Apple to not comply with India order to preload govt ‘cyber safety’ app on phones

In a significant stand against digital surveillance concerns, Apple Inc. has declared its intention to reject an Indian government directive requiring smartphone manufacturers to preinstall the state-developed ‘Sanchar Saathi’ application on all devices. The controversial mandate, issued confidentially to industry giants including Samsung and Xiaomi, provides a 90-day compliance window for embedding the cyber safety tool designed to track stolen phones and prevent misuse.
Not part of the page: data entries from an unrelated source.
Lemma adj_generator_lag_obs S x : L (lag_obs S) x =
  - (le + ls / m%:R + gossip_rate S) * lag_obs S x
  + \sum_(i | i \notin S) lam_to_set lam h i S * lag_obs (i |: S) x.
Proof.
rewrite adj_generator_obs; under eq_bigr do rewrite mulrBr.
rewrite sumrB -big_distrl /= /obs /=.
have -> : ~~ head_fresh x && (group_fresh S x || head_fresh x) = ~~ head_fresh x && group_fresh S x.
  by case: (head_fresh x); rewrite ?orbT ?orbF.
by rewrite subrr mulr0 /gossip_rate; ring.
Qed.

Lemma adj_generator_group_obs S x : L (group_obs S) x =
  - (le + lamc_set lc S + gossip_rate S) * group_obs S x
  + (lamc_set lc S * (head_obs x + lag_obs S x)
     + \sum_(i | i \notin S) lam_to_set lam h i S * group_obs (i |: S) x).
Proof.
rewrite adj_generator_obs; under eq_bigr do rewrite mulrBr.
rewrite sumrB -big_distrl /= /obs /= subrr mulr0.
have -> : (group_fresh S x || head_fresh x : nat)%:R =
    (head_fresh x : nat)%:R + (~~ head_fresh x && group_fresh S x : nat)%:R :> R.
  by case: (head_fresh x); case: (group_fresh S x); rewrite /= ?addr0 ?add0r.
by rewrite /gossip_rate; ring.
Qed.

End cluster.

Section freshness_limits.
Context {R : realType} {m k : nat}.
Variables (le ls lc : R) (lam : 'I_m -> 'I_k -> 'I_k -> R) (q : R -> state m k -> R).
Hypothesis le_gt0 : 0 < le.
Hypothesis ls_ge0 : 0 <= ls.
Hypothesis lc_ge0 : 0 <= lc.
Hypothesis lam_ge0 : forall h i j, 0 <= lam h i j.
Hypothesis q_forward :
  forall (t : R) y, is_derive t 1 (q^~ y) (generator le ls lc lam (q t) y).
Hypothesis q0_mass : \sum_x q 0 x = 1.
Local Notation state := (state m k).
Local Notation L := (adj_generator le ls lc lam).
Implicit Types (f g : state -> R) (t : R) (S : {set 'I_k}).

Definition expect f t : R := \sum_x q t x * f x.

Lemma eq_expect {f g} : f =1 g -> expect f = expect g.
Proof. by move=> fg; apply/funext => t; apply: eq_bigr => x _; rewrite fg. Qed.

Lemma expectD f g t : expect (fun x => f x + g x) t = expect f t + expect g t.
Proof. by rewrite -big_split; apply: eq_bigr => x _; rewrite mulrDr. Qed.

Lemma expectZ a f t : expect (fun x => a * f x) t = a * expect f t.
Proof. by rewrite /expect big_distrr; apply: eq_bigr => x _; rewrite mulrCA. Qed.

Lemma expect_sum (I : finType) (P : pred I) (F : I -> state -> R) t :
  expect (fun x => \sum_(i | P i) F i x) t = \sum_(i | P i) expect (F i) t.
Proof. by rewrite /expect -exchange_big; apply: eq_bigr => x _; rewrite big_distrr. Qed.

Lemma is_derive_expect f t : is_derive t 1 (expect f) (expect (L f) t).
Proof. by rewrite /expect -sum_generator_mul; exact: is_derive_sum_mul. Qed.

Lemma expect_cst c t : expect (fun=> c) t = c.
Proof.
have d0 (s : R) : is_derive s 1 (expect (fun=> 1)) 0.
  apply: is_derive_eq (is_derive_expect _ s) _.
  by apply: big1 => x _; rewrite adj_generator_cst mulr0.
rewrite /expect -big_distrl /=.
under eq_bigr do rewrite -[q t _]mulr1; rewrite -/(expect _ t).
rewrite (is_derive_0_is_cst t 0 d0) /expect.
by under eq_bigr do rewrite mulr1; rewrite q0_mass mul1r.
Qed.

Variable h : 'I_m.
Local Notation head_obs := (head_obs h).
Local Notation group_obs := (group_obs h).
Local Notation lag_obs := (lag_obs h).
Local Notation gossip_rate := (gossip_rate lam h).

Lemma lamc_set_ge0 S : 0 <= lamc_set lc S.
Proof. by rewrite mulr_ge0 ?divr_ge0. Qed.

Lemma lam_to_set_ge0 i S : 0 <= lam_to_set lam h i S.
Proof. by apply: sumr_ge0 => j _; exact: lam_ge0. Qed.

Lemma gossip_rate_ge0 S : 0 <= gossip_rate S.
Proof. by apply: sumr_ge0 => i _; exact: lam_to_set_ge0. Qed.

Lemma ls_div_ge0 : 0 <= ls / m%:R.
Proof. exact: divr_ge0 ls_ge0 (ler0n _ m). Qed.

Lemma head_obs_cvg : expect head_obs t @[t --> +oo] --> ls / (ls + m%:R * le).
Proof.
have m_gt0 : (0 < m%:R :> R) by rewrite ltr0n (leq_ltn_trans _ (ltn_ord h)).
have c_gt0 : 0 < le + ls / m%:R := ltr_wpDr ls_div_ge0 le_gt0.
have -> : ls / (ls + m%:R * le) = ls / m%:R / (le + ls / m%:R).
  by field; rewrite !gt_eqF // ltr_wpDr // mulr_gt0.
apply: linear_ode_cvg c_gt0 _ (cvg_cst _) => t.
apply: is_derive_eq (is_derive_expect _ t) _.
by rewrite (eq_expect (adj_generator_head_obs _ _ _ _ h)) expectD expect_cst expectZ.
Qed.

Lemma lag_obs_cvg S : expect (lag_obs S) t @[t --> +oo] --> 0.
Proof.
elim/setU1_ind: S => S IH.
have c_gt0 := ltr_wpDr (gossip_rate_ge0 S) (ltr_wpDr ls_div_ge0 le_gt0).
rewrite -(mul0r (le + ls / m%:R + gossip_rate S)^-1).
apply: linear_ode_cvg c_gt0 _ _ => [t|].
  apply: is_derive_eq (is_derive_expect _ t) _.
  rewrite (eq_expect (adj_generator_lag_obs _ _ _ _ h S)) expectD expectZ expect_sum.
  by under eq_bigr do rewrite expectZ.
rewrite [X in _ --> X](_ : _ = \sum_(i | i \notin S) lam_to_set lam h i S * 0).
  by apply: cvg_sum => i /IH lag_cvg; exact: cvgMr.
by rewrite big1 // => i _; rewrite mulr0.
Qed.

Lemma group_obs_cvg S : expect (group_obs S) t @[t --> +oo] -->
  (lamc_set lc S * (ls / (ls + m%:R * le))
   + \sum_(i | i \notin S) lam_to_set lam h i S * lim (expect (group_obs (i |: S)) t @[t --> +oo]))
  / (le + lamc_set lc S + gossip_rate S).
Proof.
elim/setU1_ind: S => S IH.
have c_gt0 := ltr_wpDr (gossip_rate_ge0 S) (ltr_wpDr (lamc_set_ge0 S) le_gt0).
apply: linear_ode_cvg c_gt0 _ _ => [t|].
  apply: is_derive_eq (is_derive_expect _ t) _.
  rewrite (eq_expect (adj_generator_group_obs _ _ _ _ h S)).
  rewrite expectD expectZ expectD expectZ expectD expect_sum.
  by under eq_bigr do rewrite expectZ.
apply: cvgD.
  apply: cvgMr; rewrite -[X in _ --> X]addr0.
  by apply: cvgD; [exact: head_obs_cvg | exact: lag_obs_cvg].
by apply: cvg_sum => i /IH /cvgP group_cvg; exact: cvgMr.
Qed.

Lemma sum_Nset S (G : 'I_k -> R) : (forall i, lam_to_set lam h i S = 0 -> G i = 0) ->
  \sum_(i in Nset lam h S) G i = \sum_(i | i \notin S) G i.
Proof.
move=> G0; rewrite big_mkcond [RHS]big_mkcond; apply: eq_bigr => i _.
rewrite inE; case: (i \in S) => //=; case: ltrP => // lam_le0.
by rewrite G0 //; apply/eqP; rewrite eq_le lam_le0 lam_to_set_ge0.
Qed.

Lemma E_head_head_obs : E_head q h = expect head_obs.
Proof. by []. Qed.

Lemma E_max_group_obs S : E_max q h S = expect (group_obs S).
Proof.
by apply/funext => t; apply: eq_bigr => x _; rewrite bigmax_nat_of_bool.
Qed.

Lemma head_freshness_limit :
  cvg (E_head q h t @[t --> +oo]) /\ lim (E_head q h t @[t --> +oo]) = ls / (ls + m%:R * le).
Proof.
by rewrite E_head_head_obs; apply: cvg_lim_pinfty; exact: head_obs_cvg.
Qed.

Lemma group_freshness_limit S :
  cvg (E_max q h S t @[t --> +oo]) /\
  lim (E_max q h S t @[t --> +oo]) =
    (lamc_set lc S * lim (E_head q h t @[t --> +oo])
     + \sum_(i in Nset lam h S) lam_to_set lam h i S * lim (E_max q h (i |: S) t @[t --> +oo]))
    / (le + lamc_set lc S + \sum_(i in Nset lam h S) lam_to_set lam h i S).
Proof.
rewrite (proj2 head_freshness_limit) !sum_Nset => [|i ->|i ->]; rewrite ?mul0r //.
under eq_bigr do rewrite E_max_group_obs.
by rewrite E_max_group_obs; apply: cvg_lim_pinfty; exact: group_obs_cvg.
Qed.

End freshness_limits.

Theorem theorem5 (R : realType) (m k : nat) (le ls lc : R)
    (lam : 'I_m -> 'I_k -> 'I_k -> R)
    (p : R -> state m k -> R) :
  0 < le -> 0 <= ls -> 0 <= lc ->
  (forall h i j, 0 <= lam h i j) ->
  (* initial law: a probability distribution on the states *)
  (forall x, 0 <= p 0 x) -> \sum_x p 0 x = 1 ->
  (* p t is the law at time t: Kolmogorov forward equation *)
  (forall (t : R) (y : state m k), is_derive t (1 : R) (fun s => p s y) (generator le ls lc lam (p t) y)) ->
  (forall h : 'I_m,
     cvg (E_head p h t @[t --> +oo]) /\
     lim (E_head p h t @[t --> +oo]) = ls / (ls + m%:R * le)) /\
  (forall (h : 'I_m) (S : {set 'I_k}), S != finset.set0 ->
     cvg (E_max p h S t @[t --> +oo]) /\
     lim (E_max p h S t @[t --> +oo]) =
       (lamc_set lc S * lim (E_head p h t @[t --> +oo])
        + \sum_(i in Nset lam h S) lam_to_set lam h i S
             * lim (E_max p h (i |: S) t @[t --> +oo]))
       / (le + lamc_set lc S + \sum_(i in Nset lam h S) lam_to_set lam h i S)).
Proof.
move=> le_gt0 ls_ge0 lc_ge0 lam_ge0 _ p0_mass p_forward.
split=> [h | h S _].
  exact: head_freshness_limit.
exact: group_freshness_limit.
Qed.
The Indian telecommunications ministry has characterized the measure as an essential security protocol to combat rising cyber threats, particularly addressing the proliferation of duplicated IMEI numbers that facilitate scams and network exploitation. However, privacy advocates and political opponents of Prime Minister Narendra Modi’s administration have condemned the move as governmental overreach that could potentially grant authorities unprecedented access to India’s 730 million smartphone users.
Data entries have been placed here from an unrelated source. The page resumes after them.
Section Generator.
Variables (F : fieldType) (n : nat) (delta : F).
Hypotheses (hchar : (2 \in [pchar F])%N) (n_gt1 : (1 < n)%N)
           (hdelta : irreducible_poly ('X^2 + 'X + delta%:P : {poly F})).
Variable g : {vspace 'rV[F]_(n.*2.+2)}.
Hypotheses (g_iso : {in g &, forall x y, Bform n 0 x y = 0})
           (dim_gD : \dim (g :&: Delta F n) = n.-1).
Variables p r : 'rV[F]_(n.*2.+2).
Hypotheses (pg : p \in g) (rg : r \in g)
  (p2n : Xc p (n.*2) = 1) (p2n1 : Xc p (n.*2.+1) = 0)
  (r2n : Xc r (n.*2) = 0) (r2n1 : Xc r (n.*2.+1) = 1).

Let n_gt0 : (0 < n)%N := ltnW n_gt1.
Let K := (g :&: Delta F n)%VS.

Lemma Delta_not_totally_singular : ~ {in K, forall x, Qform n delta 0 x = 0}.
Proof.
move=> K_sing.
pose w a b : 'rV[F]_(n.*2.+2) := a *: unitv F n 2 + b *: unitv F n 3.
have Bw y a b : Bform n 0 y (w a b) = a * Xc y (n.*2.+1) + b * Xc y (n.*2).
  rewrite Bform0C Bform0Dl !Bform0Zl !Bform0_unitvl ?subSS ?subn0 //; lia.
have w_sing a b : Qform n delta 0 (w a b) = 0.
  rewrite QformD // !QformZ !Qform0_unitv; [|lia|lia].
  rewrite Bform0Zl Bform0C Bform0Zl Bform0_unitvl; last by lia.
  rewrite Xc_unitv; [|lia|lia].
  have /negbTE -> : 2 != (n.*2.+3 - 3)%N by apply/eqP; lia.
  by rewrite !mulr0 !addr0.
set W := (<[unitv F n 2]> + <[unitv F n 3]>)%VS.
have memW x : x \in W -> exists a b, x = w a b.
  by case/memv_addP => _ /vlineP[a ->] [_ /vlineP[b ->] ->]; exists a, b.
have KW_sing : {in (K + W)%VS, forall t, Qform n delta 0 t = 0}.
  move=> _ /memv_addP[k kK [_ /memW[a [b ->]] ->]].
  move: (kK); rewrite (memv_capDelta n_gt0) => /and3P[_ /eqP k1 /eqP k2].
  by rewrite QformD // K_sing // w_sing Bw k1 k2 !mulr0 !addr0.
have KW0 : (K :&: W = 0)%VS.
  apply/eqP; rewrite -subv0; apply/subvP => x.
  rewrite memv_cap memv0 (memv_capDelta n_gt0) => /andP[/and3P[xg _ _] /memW[a [b x_ab]]].
  have := g_iso pg xg; have := g_iso rg xg.
  rewrite x_ab !Bw p2n p2n1 r2n r2n1 !mulr0 !mulr1 add0r addr0 => -> ->.
  by rewrite /w !scale0r addr0.
have dimW : \dim W = 2%N by apply: dim_unitv_pair; lia.
have := totally_singular_dim_le hchar hdelta KW_sing.
by have := dimv_sum_cap K W; rewrite KW0 dimv0 addn0 dimW dim_gD; lia.
Qed.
According to three industry sources familiar with Apple’s position, the technology giant plans to formally communicate its objections to New Delhi, emphasizing that such mandates contradict its global privacy standards and threaten the security integrity of its iOS ecosystem. Two sources confirmed that Apple will neither comply with the order nor pursue legal action, but will instead present its security concerns through diplomatic channels.
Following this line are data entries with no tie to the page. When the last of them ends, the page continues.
(* The anticyclic action of $\mathfrak{S}_{n+1}$ on signed shrubs on $\{1,\dots,n\}$ preserves the number of equivalence classes of ramified vertices: if $\sigma\cdot(\varepsilon,P)=(\varepsilon',P')$ then $|\operatorname{Ram}(P)|=|\operatorname{Ram}(P')|$.
   Context: A shrub $P$ on a finite set $I$ is a set $E$ of edges (unordered pairs of distinct elements of $I$) with a height function $h_P:I\to\mathbb{N}$; $j$ covers $i$ if $\{i,j\}\in E$ and $h_P(j)=h_P(i)+1$. Axioms: (1) edges join vertices whose heights differ by $1$; (2) every vertex of positive height covers some vertex; (3) no four distinct $a,b,c,d$ with $a$ covering $b$ and $c$, $c$ covering $d$, $\{b,d\}\notin E$; (4) no five distinct $a,b,c,d,e$ with $a$ covering $c,d$, $b$ covering $d,e$, $\{a,e\}\notin E$, $\{b,c\}\notin E$. A vertex is ramified if it covers at least two distinct vertices; two ramified vertices are equivalent if they cover the same set of vertices; $\operatorname{Ram}(P)$ is the set of equivalence classes, and $r^-$ the common set of vertices covered by elements of $r\in\operatorname{Ram}(P)$. For $S\subseteq I$, $\langle S\rangle_P$ is the set of $j$ such that every descending path from $j$ to height $0$ meets $S$; with $u[S]=\sum_{k\in S}u_k$, $f_P=\prod_{i\in I}u[\langle\{i\}\rangle_P]^{-1}\prod_{r\in\operatorname{Ram}(P)}u[\langle r^-\rangle_{P\setminus\langle r\rangle_P}]/u[\langle r^-\rangle_P]$, where $P\setminus\langle r\rangle_P$ is the restriction of $P$ to $I\setminus\langle r\rangle_P$. $\mathfrak{S}_{n+1}$ acts on $\mathbb{Q}(u_1,\dots,u_n)$ by setting $u_0=-(u_1+\dots+u_n)$, permuting $u_0,\dots,u_n$ and re-expressing in $u_1,\dots,u_n$. Signed shrubs are pairs $(\varepsilon,P)$ with $\varepsilon=\pm1$; the map $(\varepsilon,P)\mapsto\varepsilon f_P$ is injective and its image is stable under $\mathfrak{S}_{n+1}$, and the anticyclic action is defined by $\sigma\cdot(\varepsilon,P)=(\varepsilon',P')$ where $\varepsilon'f_{P'}=\sigma\cdot(\varepsilon f_P)$. *)

From HB Require Import structures.
From mathcomp Require Import all_boot all_order all_algebra all_fingroup.
From mathcomp Require Import mpoly.
Set Implicit Arguments.
Unset Strict Implicit.
Unset Printing Implicit Defensive.
Import GRing.Theory.
Local Open Scope ring_scope.

Notation "x %:F" := (@FracField.tofrac _ x) : ring_scope.

(* Vertex set I = {1,...,n} is encoded as 'I_n : vertex i : 'I_n stands for
   the element i+1, and carries the variable u_{i+1} = 'X_i of {mpoly rat[n]}. *)

Section Shrubs.
Variable n : nat.
Local Notation V := 'I_n.

(* A shrub: a set of edges (symmetric irreflexive relation = unordered pairs
   of distinct elements) together with a height function satisfying (1)-(4). *)
Record shrub := Shrub {
  sh_edge : rel V;
  sh_height : V -> nat;
  sh_sym : ssrbool.symmetric sh_edge;
  sh_irr : irreflexive sh_edge;
  sh_ax1 : forall i j, sh_edge i j ->
     (sh_height j == (sh_height i).+1) || (sh_height i == (sh_height j).+1);
  sh_ax2 : forall j, (0 < sh_height j)%N ->
     exists i, sh_edge i j && (sh_height j == (sh_height i).+1);
  sh_ax3 : forall a b c d, uniq [:: a; b; c; d] ->
     sh_edge b a && (sh_height a == (sh_height b).+1) ->
     sh_edge c a && (sh_height a == (sh_height c).+1) ->
     sh_edge d c && (sh_height c == (sh_height d).+1) ->
     sh_edge b d;
  sh_ax4 : forall a b c d e, uniq [:: a; b; c; d; e] ->
     sh_edge c a && (sh_height a == (sh_height c).+1) ->
     sh_edge d a && (sh_height a == (sh_height d).+1) ->
     sh_edge d b && (sh_height b == (sh_height d).+1) ->
     sh_edge e b && (sh_height b == (sh_height e).+1) ->
     sh_edge a e || sh_edge b c
}.

Variable P : shrub.

Definition covers : rel V :=
  fun j i => sh_edge P i j && (sh_height P j == (sh_height P i).+1).

Definition down (v : V) : {set V} := [set i | covers v i].

Definition ramified (v : V) : bool := (1 < #|down v|)%N.

Definition Ram : {set {set V}} :=
  [set [set w | ramified w && (down w == down v)] | v in [set v | ramified v]].

(* r^- : the common set of vertices covered by elements of r *)
Definition rminus (r : {set V}) : {set V} := \bigcup_(v in r) down v.

(* <S>_{P restricted to V0}: the j in V0 such that every descending path
   (inside V0) from j to height 0 meets S.  Descending paths have at most
   n vertices, so lengths k <= n cover all of them. *)
Definition lang (V0 S : {set V}) : {set V} :=
  [set j in V0 | [forall k : 'I_n.+1, forall p : k.-tuple V,
      (path covers j p && all (fun x => x \in V0) p
         && (sh_height P (last j p) == 0%N))
      ==> has (fun x => x \in S) (j :: p)]].

Definition langle (S : {set V}) : {set V} := lang setT S.

End Shrubs.

Definition uS (n : nat) (S : {set 'I_n}) : {mpoly rat[n]} := \sum_(k in S) 'X_k.

Definition fP (n : nat) (P : shrub n) : {fraction {mpoly rat[n]}} :=
  (\prod_(i : 'I_n) ((uS (langle P [set i]))%:F)^-1) *
  \prod_(r in Ram P)
     ((uS (lang P (~: langle P r) (rminus P r)))%:F
        / (uS (langle P (rminus P r)))%:F).

(* u_j for j in {0,...,n}, with u_0 = -(u_1 + ... + u_n) *)
Definition uvar (n : nat) (j : 'I_n.+1) : {mpoly rat[n]} :=
  if unlift ord0 j is Some i then 'X_i else - \sum_(i < n) 'X_i.

(* the ring endomorphism u_j |-> u_{s j} (j = 1..n) of Q[u_1..u_n] *)
Definition sigma_poly (n : nat) (s : 'S_n.+1) (p : {mpoly rat[n]}) :
  {mpoly rat[n]} := p \mPo [tuple uvar (s (lift ord0 i)) | i < n].

Definition sigma_act (n : nat) (s : 'S_n.+1) (x : {fraction {mpoly rat[n]}}) :
  {fraction {mpoly rat[n]}} :=
  let r := generic_quotient.repr x in (sigma_poly s \n_r)%:F / (sigma_poly s \d_r)%:F.

Definition sgn (n : nat) (e : bool) : {fraction {mpoly rat[n]}} := (-1) ^+ e.

(* f_P is a quotient of products of linear forms u[S]: the denominator has the
   n + |Ram P| factors u[<{i}>] and u[<r^->], the numerator the factors
   u[<r^->_{P \ <r>}].  For nonempty S the form u[S] is a prime of
   Q[u_1, ..., u_n], and it divides u[T] only when S = T.  Comparing heights
   of the vertices covered by ramified vertices shows that no numerator set is
   a denominator set, so the fraction is in lowest terms.  The action of s is a
   ring automorphism, hence preserves primes and lowest terms; so the
   denominators s(den P) and den P' of the two sides of the hypothesis divide
   each other, and comparing degrees gives n + |Ram P| = n + |Ram P'|. *)

From HB Require Import structures.
From mathcomp Require Import all_boot all_order all_algebra all_fingroup.
From mathcomp Require Import mpoly.
Set Implicit Arguments.
Unset Strict Implicit.
Unset Printing Implicit Defensive.
Import GRing.Theory Num.Theory.
Local Open Scope ring_scope.

Section Divisibility.
Variable R : comPzRingType.

Definition dvdr (a b : R) := exists q, b = a * q.

Lemma dvdrr a : dvdr a a. Proof. by exists 1; rewrite mulr1. Qed.
Lemma dvdr0 a : dvdr a 0. Proof. by exists 0; rewrite mulr0. Qed.

Lemma dvdrD d a b : dvdr d a -> dvdr d b -> dvdr d (a + b).
Proof. by move=> [q ->] [q' ->]; exists (q + q'); rewrite mulrDr. Qed.

Lemma dvdrMl d a b : dvdr d b -> dvdr d (a * b).
Proof. by move=> [q ->]; exists (a * q); rewrite mulrCA. Qed.

Lemma dvdrMr d a b : dvdr d a -> dvdr d (a * b).
Proof. by move=> [q ->]; exists (q * b); rewrite mulrA. Qed.

Lemma dvdr_trans a b c : dvdr a b -> dvdr b c -> dvdr a c.
Proof. by move=> [q ->] [q' ->]; exists (q * q'); rewrite mulrA. Qed.

Lemma dvdr_sum d (I : Type) (r : seq I) (P : pred I) (F : I -> R) :
  (forall i, P i -> dvdr d (F i)) -> dvdr d (\sum_(i <- r | P i) F i).
Proof. by move=> dF; elim/big_rec: _ => [|i x Pi]; [apply: dvdr0 | apply/dvdrD/dF]. Qed.

Lemma dvdr_subM d a a' b b' :
  dvdr d (a - a') -> dvdr d (b - b') -> dvdr d (a * b - a' * b').
Proof.
have -> : a * b - a' * b' = a * (b - b') + (a - a') * b'.
  by rewrite mulrBr mulrBl addrA subrK.
by move=> da db; apply: dvdrD; [apply: dvdrMl | apply: dvdrMr].
Qed.

Lemma dvdr_subX d a b m : dvdr d (a - b) -> dvdr d (a ^+ m - b ^+ m).
Proof.
move=> dab; elim: m => [|m IHm]; first by rewrite !expr0 subrr; apply: dvdr0.
by rewrite !exprS; apply: dvdr_subM.
Qed.

Lemma dvdr_sub_prod d (I : Type) (r : seq I) (P : pred I) (F G : I -> R) :
  (forall i, P i -> dvdr d (F i - G i)) ->
  dvdr d (\prod_(i <- r | P i) F i - \prod_(i <- r | P i) G i).
Proof.
move=> dFG; apply: (big_ind2 (fun x y => dvdr d (x - y))) => //.
  by rewrite subrr; apply: dvdr0.
by move=> *; apply: dvdr_subM.
Qed.

End Divisibility.

Section PrimeElements.
Variable R : idomainType.

Definition prime_elt (p : R) :=
  [/\ p != 0, ~ dvdr p 1 & forall a b, dvdr p (a * b) -> dvdr p a \/ dvdr p b].

Lemma prime_ndvdr_prod (I : eqType) (r : seq I) (F : I -> R) p : prime_elt p ->
  (forall i, i \in r -> ~ dvdr p (F i)) -> ~ dvdr p (\prod_(i <- r) F i).
Proof.
case=> _ p1 pM; elim: r => [|i r IHr] npF; first by rewrite big_nil.
rewrite big_cons => /pM[]; first by apply: npF; rewrite mem_head.
by apply: IHr => j jr; apply: npF; rewrite inE jr orbT.
Qed.

Lemma prod_primes_Gauss_dvdr (I : eqType) (r : seq I) (F : I -> R) a b :
  (forall i, i \in r -> prime_elt (F i) /\ ~ dvdr (F i) a) ->
  dvdr (\prod_(i <- r) F i) (a * b) -> dvdr (\prod_(i <- r) F i) b.
Proof.
elim: r b => [|i r IHr] b pF; first by rewrite big_nil => _; exists b; rewrite mul1r.
have [[Fi0 _ FiM] nFia] := pF i (mem_head _ _).
rewrite big_cons => dab.
have [//|[b' def_b]] := FiM _ _ (dvdr_trans (dvdrMr _ (dvdrr (F i))) dab); subst b.
have dQ : dvdr (\prod_(j <- r) F j) (a * b').
  by case: dab => q; rewrite mulrCA -mulrA => /(mulfI Fi0) ->; exists q.
have [|q ->] := IHr b' _ dQ; last by exists q; rewrite mulrA.
by move=> j jr; apply: pF; rewrite inE jr orbT.
Qed.

Lemma prod_primes_dvdr_cross (I : eqType) (r : seq I) (F : I -> R) a b c u v :
  u \is a GRing.unit -> (forall i, i \in r -> prime_elt (F i) /\ ~ dvdr (F i) a) ->
  u * a * c = v * b * \prod_(i <- r) F i -> dvdr (\prod_(i <- r) F i) c.
Proof.
move=> Uu pF E; apply: (prod_primes_Gauss_dvdr pF).
exists (u^-1 * v * b); have -> : a * c = u^-1 * (u * a * c) by rewrite -mulrA mulKr.
by rewrite E [RHS]mulrC !mulrA.
Qed.

Section Isomorphism.
Variables (f : {rmorphism R -> R}) (g : R -> R).
Hypotheses (fK : cancel f g) (gK : cancel g f).

Lemma dvdr_rmorph a b : dvdr (f a) (f b) <-> dvdr a b.
Proof.
split=> [[q fb]|[q ->]]; last by exists (f q); rewrite rmorphM.
by exists (g q); apply: (can_inj fK); rewrite rmorphM gK -fb.
Qed.

Lemma prime_elt_rmorph p : prime_elt p -> prime_elt (f p).
Proof.
case=> p0 p1 pM; split.
- by apply: contra_neq p0 => fp0; rewrite -(fK p) fp0 -{1}(rmorph0 f) fK.
- by rewrite -(rmorph1 f) dvdr_rmorph.
- move=> a b; rewrite -(gK a) -(gK b) -rmorphM !dvdr_rmorph; exact: pM.
Qed.

End Isomorphism.
End PrimeElements.

Section Substitution.
Variables (n : nat) (K : comNzRingType).
Local Notation R := {mpoly K[n]}.

Lemma comp_mpolyXU_mktuple (f : 'I_n -> R) i : 'X_i \mPo [tuple f j | j < n] = f i.
Proof. by rewrite comp_mpolyXU -tnth_nth tnth_mktuple. Qed.

Lemma comp_mpolyA (p : R) (lf lg : n.-tuple R) :
  (p \mPo lf) \mPo lg = p \mPo [tuple tnth lf i \mPo lg | i < n].
Proof.
rewrite [p]mpolyE (raddf_sum (comp_mpoly lf)) !raddf_sum; apply: eq_bigr => m _ /=.
rewrite !comp_mpolyZ !comp_mpolyX rmorph_prod; congr (_ *: _).
by apply: eq_bigr => i _; rewrite rmorphXn tnth_mktuple.
Qed.

Lemma dvdr_sub_comp_mpoly (d : R) (lq : n.-tuple R) p :
  (forall i, dvdr d ('X_i - tnth lq i)) -> dvdr d (p - (p \mPo lq)).
Proof.
move=> dX.
have -> : p - (p \mPo lq) =
    \sum_(m <- msupp p) (p@_m)%:MP * ('X_[m] - ('X_[m] \mPo lq)).
  under eq_bigr => m _ do rewrite mul_mpolyC scalerBr.
  by rewrite sumrB -comp_mpolyEX -mpolyE.
apply: dvdr_sum => m _; apply: dvdrMl.
by rewrite comp_mpolyX mpolyXE_id; apply: dvdr_sub_prod => i _; apply: dvdr_subX.
Qed.

End Substitution.

Section LinearForms.
Variable n : nat.
Local Notation R := {mpoly rat[n]}.

Lemma mcoeff_uS (S : {set 'I_n}) j : (uS S)@_U_(j) = (j \in S)%:R.
Proof.
rewrite /uS raddf_sum /=; under eq_bigr do rewrite mcoeffXU.
have [jS|jNS] := boolP (j \in S); last first.
  by rewrite big1 // => i iS; case: eqP => // eij; rewrite -eij iS in jNS.
by rewrite (big_setD1 j) //= eqxx big1 ?addr0 // => i /setD1P[/negbTE->].
Qed.

Lemma uS_inj : injective (@uS n).
Proof.
move=> A B eAB; apply/setP => j; have := congr1 (mcoeff U_(j)) eAB.
by rewrite !mcoeff_uS => /eqP; rewrite eqr_nat; do 2!case: (_ \in _).
Qed.

Lemma uS_eq0 (A : {set 'I_n}) : (uS A == 0) = (A == set0).
Proof.
have uS0 : uS (set0 : {set 'I_n}) = 0 by rewrite /uS big_set0.
by rewrite -uS0 (inj_eq uS_inj).
Qed.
The development occurs amid Apple’s ongoing legal confrontation with Indian antitrust regulators regarding penalty provisions that could potentially expose the company to $38 billion in fines. While Samsung and other Android-based manufacturers reportedly continue evaluating the mandate, Apple maintains its distinctive position due to its tightly controlled App Store and proprietary software architecture—key components of its $100-billion annual services business.

India’s primary opposition party, the Congress Party, has demanded immediate revocation of the mandate, with senior leader KC Venugopal declaring on social media platform X that ‘Big Brother cannot watch us.’ The government maintains that the initiative addresses legitimate security concerns in a market with substantial second-hand device circulation, where stolen or blacklisted phones frequently reappear in commerce.